PROBLEM TO WORK ON :: Instruction for the data below: set down exactly the lines from the line with "Definition pat321 : 'S_3" to the line with "Equivalently, i |->", inclusive, and no others.

┄┄┄┄┄┄┄┄┄┄┄┄┄┄┄┄┄┄┄┄

(* For all $n\ge 0$, $|F_n(321,2143,3124)|=\binom{n}{2}+1$.
   Context: A permutation $\pi$ avoids a classical pattern $p\in S_k$ if no subsequence of $\pi$ of length $k$ is order-isomorphic to $p$. A Fishburn permutation is a permutation $\pi=\pi_1\cdots\pi_n$ of $[n]$ for which there are no indices $i<j$ with $\pi_j<\pi_i<\pi_{i+1}$ and $\pi_i=\pi_j+1$. $F_n(\sigma_1,\dots,\sigma_k)$ denotes the set of Fishburn permutations of length $n$ avoiding each of the classical patterns $\sigma_1,\dots,\sigma_k$ (with $F_0$ containing only the empty permutation). *)

From mathcomp Require Import all_boot all_fingroup.
Set Implicit Arguments. Unset Strict Implicit. Unset Printing Implicit Defensive.

(* Permutations of [n] are represented by 'S_n (permutations of 'I_n = {0..n-1});
   pi_i (1-based) corresponds to s (i-1) (0-based), values shifted by 1, which
   preserves all order relations and the relation "pi_i = pi_j + 1". *)

Definition contains_pattern (n k : nat) (s : 'S_n) (p : 'S_k) : bool :=
  [exists f : {ffun 'I_k -> 'I_n},
     [forall a : 'I_k, forall b : 'I_k,
        ((a < b)%N ==> (f a < f b)%N) &&
        ((s (f a) < s (f b))%N == (p a < p b)%N)]].

Definition avoids (n k : nat) (s : 'S_n) (p : 'S_k) : bool :=
  ~~ contains_pattern s p.

Definition fishburn (n : nat) (s : 'S_n) : bool :=
  [forall i : 'I_n, forall j : 'I_n, forall i1 : 'I_n,
     ~~ [&& (i < j)%N, (val i1 == (val i).+1),
            (s j < s i)%N, (s i < s i1)%N & (val (s i) == (val (s j)).+1)]].

Definition pat321 : 'S_3 := perm (@rev_ord_inj 3).

Definition perm_of_seq (k : nat) (l : seq nat) : 'I_k.+1 -> 'I_k.+1 :=
  fun i => inord (nth 0 l i).

Lemma pat2143_inj : injective (@perm_of_seq 3 [:: 1; 0; 3; 2]).
Proof.
move=> [[|[|[|[|i]]]] Hi] [[|[|[|[|j]]]] Hj] //= /(congr1 val);
  rewrite /perm_of_seq /= ?inordK //= => E; by apply: val_inj.
Qed.
Lemma pat3124_inj : injective (@perm_of_seq 3 [:: 2; 0; 1; 3]).
Proof.
move=> [[|[|[|[|i]]]] Hi] [[|[|[|[|j]]]] Hj] //= /(congr1 val);
  rewrite /perm_of_seq /= ?inordK //= => E; by apply: val_inj.
Qed.

Definition pat2143 : 'S_4 := perm pat2143_inj.
Definition pat3124 : 'S_4 := perm pat3124_inj.

Definition F_321_2143_3124 (n : nat) : {set 'S_n} :=
  [set s : 'S_n | [&& fishburn s, avoids s pat321, avoids s pat2143 & avoids s pat3124]].

From mathcomp Require Import all_boot all_fingroup zify.
Set Implicit Arguments. Unset Strict Implicit. Unset Printing Implicit Defensive.

(* Positions and values are 0-based.  For a < b < n let sigma a b be the
   permutation whose one-line notation is
       0 .. a-1,  b,  a,  b+1 .. n-1,  a+1 .. b-1.
   The set F_n(321, 2143, 3124) consists of the identity and of the
   C(n, 2) distinct permutations sigma a b, whence the formula.

   - sigma a b is split into five blocks of positions (the fixed prefix, the
     singletons a and a+1, and two increasing runs); whether a pair of
     positions is an inversion depends only on their blocks, so pattern
     avoidance of sigma a b reduces to a check on block indices, and the
     Fishburn property is a direct computation (sigma_in).
   - Conversely, let s != 1 be in the set and a its first moved point.  The
     Fishburn condition forces a descent at a, 321-avoidance then forces
     s (a+1) = a, and the three patterns force the remaining values to form
     an increasing run above s a followed by an increasing run below it.
     Equivalently, i |-> (position of s i in sigma a (s a)) is strictly
     increasing, hence the identity, so s = sigma a (s a) (perm_is_sigma).
   - Counting pairs a < b finishes the proof. *)

Lemma containsP n k (s : 'S_n) (p : 'S_k) :
  reflect (exists f : 'I_k -> 'I_n, {homo f : a b / a < b} /\
             forall a b, (s (f a) < s (f b)) = (p a < p b))
          (contains_pattern s p).
Proof.
apply: (iffP existsP) => [[f /forallP occ] | [f [incr iso]]].
- exists f; split=> [a b | a b].
  + by have /forallP/(_ b)/andP[/implyP] := occ a.
  + by have /forallP/(_ b)/andP[_ /eqP] := occ a.
- exists (finfun f); apply/forallP => a; apply/forallP => b.
  by rewrite !ffunE iso eqxx andbT; apply/implyP/incr.
Qed.

Lemma contains321 n (s : 'S_n) : contains_pattern s pat321 <->
  exists x0 x1 x2 : 'I_n, [/\ x0 < x1, x1 < x2, s x2 < s x1 & s x1 < s x0].
Proof.
split.
- case/containsP => f [incr iso].
  exists (f (@Ordinal 3 0 isT)), (f (@Ordinal 3 1 isT)), (f (@Ordinal 3 2 isT)).
  by rewrite !iso /pat321 !permE; split=> //; apply: incr.
- case=> x0 [x1 [x2 [h01 h12 v21 v10]]]; apply/containsP.
  exists (fun i : 'I_3 => nth x0 [:: x0; x1; x2] i); split.
  + by move=> [[|[|[|a]]] ?] [[|[|[|b]]] ?] //= _; lia.
  + by move=> [[|[|[|a]]] ?] [[|[|[|b]]] ?] //=; rewrite /pat321 !permE /=; lia.
Qed.

Lemma contains2143 n (s : 'S_n) : contains_pattern s pat2143 <->
  exists x0 x1 x2 x3 : 'I_n, [/\ x0 < x1, x1 < x2, x2 < x3 &
     [/\ s x1 < s x0, s x0 < s x3 & s x3 < s x2]].
Proof.
split.
- case/containsP => f [incr iso].
  exists (f (@Ordinal 4 0 isT)), (f (@Ordinal 4 1 isT)), (f (@Ordinal 4 2 isT)),
    (f (@Ordinal 4 3 isT)).
  by rewrite !iso /pat2143 !permE /perm_of_seq /= !inordK //; split=> //; apply: incr.
- case=> x0 [x1 [x2 [x3 [h01 h12 h23 [v10 v03 v32]]]]]; apply/containsP.
  exists (fun i : 'I_4 => nth x0 [:: x0; x1; x2; x3] i); split.
  + by move=> [[|[|[|[|a]]]] ?] [[|[|[|[|b]]]] ?] //= _; lia.
  + move=> [[|[|[|[|a]]]] ?] [[|[|[|[|b]]]] ?] //=;
      by rewrite /pat2143 !permE /perm_of_seq /= !inordK //=; lia.
Qed.

Lemma contains3124 n (s : 'S_n) : contains_pattern s pat3124 <->
  exists x0 x1 x2 x3 : 'I_n, [/\ x0 < x1, x1 < x2, x2 < x3 &
     [/\ s x1 < s x2, s x2 < s x0 & s x0 < s x3]].
Proof.
split.
- case/containsP => f [incr iso].
  exists (f (@Ordinal 4 0 isT)), (f (@Ordinal 4 1 isT)), (f (@Ordinal 4 2 isT)),
    (f (@Ordinal 4 3 isT)).
  by rewrite !iso /pat3124 !permE /perm_of_seq /= !inordK //; split=> //; apply: incr.
- case=> x0 [x1 [x2 [x3 [h01 h12 h23 [v12 v20 v03]]]]]; apply/containsP.
  exists (fun i : 'I_4 => nth x0 [:: x0; x1; x2; x3] i); split.
  + by move=> [[|[|[|[|a]]]] ?] [[|[|[|[|b]]]] ?] //= _; lia.
  + move=> [[|[|[|[|a]]]] ?] [[|[|[|[|b]]]] ?] //=;
      by rewrite /pat3124 !permE /perm_of_seq /= !inordK //=; lia.
Qed.

Lemma perm_val_inj n (s : 'S_n) (i j : 'I_n) : s i = s j :> nat -> i = j :> nat.
Proof. by move/ord_inj/perm_inj ->. Qed.

Lemma homo_ord_id n (f : 'I_n -> 'I_n) : {homo f : i j / i < j} -> forall i, f i = i.
Proof.
move=> incr.
have ge_id k (i : 'I_n) : i = k :> nat -> k <= f i.
  elim: k i => [//|k IH] i ik; have kn : k < n by rewrite -ik ltnW.
  by have := incr (Ordinal kn) i; rewrite ik => /(_ (ltnSn k)); have := IH (Ordinal kn) erefl; lia.
have le_id k (i : 'I_n) : i + k = n.-1 -> f i + k <= n.-1.
  elim: k i => [|k IH] i ik; first by have := ltn_ord (f i); lia.
  have i1n : i.+1 < n by have := ltn_ord i; lia.
  have := incr i (Ordinal i1n) (ltnSn i); have := IH (Ordinal i1n); rewrite /=; lia.
move=> i; apply: ord_inj; have := ge_id _ i erefl; have := le_id (n.-1 - i) i.
by have := ltn_ord i; lia.
Qed.

Ltac case_ifs :=
  repeat match goal with |- context [if ?c then _ else _] => case: (boolP c) => ? end.

(* Block indices c <= d of two positions in increasing order; the blocks 1
   and 2 are singletons. *)
Definition block_step (c d : nat) : Prop :=
  c <= d < 5 /\ (c = d -> c <> 1 /\ c <> 2).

┄┄┄┄┄┄┄┄┄┄┄┄┄┄┄┄┄┄┄┄

YOUR SOLUTION ::
Definition pat321 : 'S_3 := perm (@rev_ord_inj 3).

Definition perm_of_seq (k : nat) (l : seq nat) : 'I_k.+1 -> 'I_k.+1 :=
  fun i => inord (nth 0 l i).

Lemma pat2143_inj : injective (@perm_of_seq 3 [:: 1; 0; 3; 2]).
Proof.
move=> [[|[|[|[|i]]]] Hi] [[|[|[|[|j]]]] Hj] //= /(congr1 val);
  rewrite /perm_of_seq /= ?inordK //= => E; by apply: val_inj.
Qed.
Lemma pat3124_inj : injective (@perm_of_seq 3 [:: 2; 0; 1; 3]).
Proof.
move=> [[|[|[|[|i]]]] Hi] [[|[|[|[|j]]]] Hj] //= /(congr1 val);
  rewrite /perm_of_seq /= ?inordK //= => E; by apply: val_inj.
Qed.

Definition pat2143 : 'S_4 := perm pat2143_inj.
Definition pat3124 : 'S_4 := perm pat3124_inj.

Definition F_321_2143_3124 (n : nat) : {set 'S_n} :=
  [set s : 'S_n | [&& fishburn s, avoids s pat321, avoids s pat2143 & avoids s pat3124]].

From mathcomp Require Import all_boot all_fingroup zify.
Set Implicit Arguments. Unset Strict Implicit. Unset Printing Implicit Defensive.

(* Positions and values are 0-based.  For a < b < n let sigma a b be the
   permutation whose one-line notation is
       0 .. a-1,  b,  a,  b+1 .. n-1,  a+1 .. b-1.
   The set F_n(321, 2143, 3124) consists of the identity and of the
   C(n, 2) distinct permutations sigma a b, whence the formula.

   - sigma a b is split into five blocks of positions (the fixed prefix, the
     singletons a and a+1, and two increasing runs); whether a pair of
     positions is an inversion depends only on their blocks, so pattern
     avoidance of sigma a b reduces to a check on block indices, and the
     Fishburn property is a direct computation (sigma_in).
   - Conversely, let s != 1 be in the set and a its first moved point.  The
     Fishburn condition forces a descent at a, 321-avoidance then forces
     s (a+1) = a, and the three patterns force the remaining values to form
     an increasing run above s a followed by an increasing run below it.
     Equivalently, i |-> (position of s i in sigma a (s a)) is strictly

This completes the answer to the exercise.